• _PROBLEM_
Among the lines below, keep only those from the one containing "induced on the image of f. *)" through the one containing "fun a b => [&&", and reproduce them exactly.

• _EXERCISE INPUTS_
(* Let $G$ be a graph, let $x$, $y$ be two vertices of $G$, and let $F_1, F_2, \ldots, F_c$ be the components of $G\setminus x\setminus y$. If $\rho^*_G(\{x,y\}, V(F_i))=2$ for all $1\le i\le c$, then $G$ has a vertex-minor isomorphic to the graph obtained from two disjoint copies of $K_c$ by adding a perfect matching between them (the $i$-th vertex of one copy joined to the $i$-th vertex of the other).
   Context: All graphs are simple. For disjoint $X,Y\subseteq V(G)$, $\rho^*_G(X,Y)$ denotes the rank over the binary field of the submatrix of the adjacency matrix of $G$ with rows indexed by $X$ and columns indexed by $Y$. A graph $H$ is a vertex-minor of $G$ if $H$ is an induced subgraph of a graph obtained from $G$ by a sequence of local complementations (local complementation at $v$ replaces the subgraph induced on the neighborhood of $v$ by its complement). *)

From HB Require Import structures.
From mathcomp Require Import all_boot all_order all_algebra.
Set Implicit Arguments. Unset Strict Implicit. Unset Printing Implicit Defensive.
Import GRing.Theory.
Local Open Scope ring_scope.

Definition simple_graph (T : finType) (e : rel T) : Prop :=
  symmetric e /\ irreflexive e.

Definition cut_rank (T : finType) (e : rel T) (X Y : {set T}) : nat :=
  \rank (\matrix_(i < #|X|, j < #|Y|)
           ((e (enum_val i) (enum_val j))%:R : 'F_2)).

Definition local_comp (T : finType) (e : rel T) (v : T) : rel T :=
  fun a b => if [&& a != b, e v a & e v b] then ~~ e a b else e a b.

Definition local_comps (T : finType) (e : rel T) (s : seq T) : rel T :=
  foldl (@local_comp T) e s.

(* H (on U) is isomorphic to a vertex-minor of G (on T): H is isomorphic,
   via an injection f, to the subgraph of some locally-equivalent graph
   induced on the image of f. *)
Definition has_vertex_minor (T U : finType) (e : rel T) (h : rel U) : Prop :=
  exists (s : seq T) (f : U -> T),
    injective f /\ forall u w : U, h u w = local_comps e s (f u) (f w).

Definition del2 (T : finType) (e : rel T) (x y : T) : rel T :=
  fun a b => [&& e a b, a \notin [set x; y] & b \notin [set x; y]].

Definition components_del2 (T : finType) (e : rel T) (x y : T)
  : {set {set T}} :=
  [set [set b | connect (del2 e x y) a b] | a in ~: [set x; y]].

Definition double_clique (c : nat) : rel (bool * 'I_c) :=
  fun p q => if p.1 == q.1 then p.2 != q.2 else p.2 == q.2.

From mathcomp Require Import all_boot all_order all_algebra.
From Stdlib Require Import Classical_Prop.
Import GRing.Theory.
Set Implicit Arguments. Unset Strict Implicit. Unset Printing Implicit Defensive.

(* Call vw an xy-edge if v is adjacent to x but not y, w to y but not x, and
   v ~ w.  Rank 2 of the x,y-rows on a component F gives a neighbour of x, a
   neighbour of y and a vertex of F seeing exactly one of them; along a
   shortest path in F from such a vertex to a neighbour of the other, local
   complementation at the second vertex shortcuts the path, until an xy-edge
   appears.  These complementations stay inside F, so the other components
   are untouched and the c xy-edges are pairwise nonadjacent.  If x and y are
   nonadjacent, complementing at x and then at y turns the two ends of the
   xy-edges into two cliques; otherwise a pivot on one xy-edge first removes
   the edge xy. *)

Section LocalComplementation.
Variable T : finType.
Implicit Types (g : rel T) (s : seq T).

Lemma local_compE g c a b : local_comp g c a b =
  if [&& a != b, g c a & g c b] then ~~ g a b else g a b.
Proof. by []. Qed.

• _WRITTEN RESPONSE_
   induced on the image of f. *)
Definition has_vertex_minor (T U : finType) (e : rel T) (h : rel U) : Prop :=
  exists (s : seq T) (f : U -> T),
    injective f /\ forall u w : U, h u w = local_comps e s (f u) (f w).

Definition del2 (T : finType) (e : rel T) (x y : T) : rel T :=
  fun a b => [&& e a b, a \notin [set x; y] & b \notin [set x; y]].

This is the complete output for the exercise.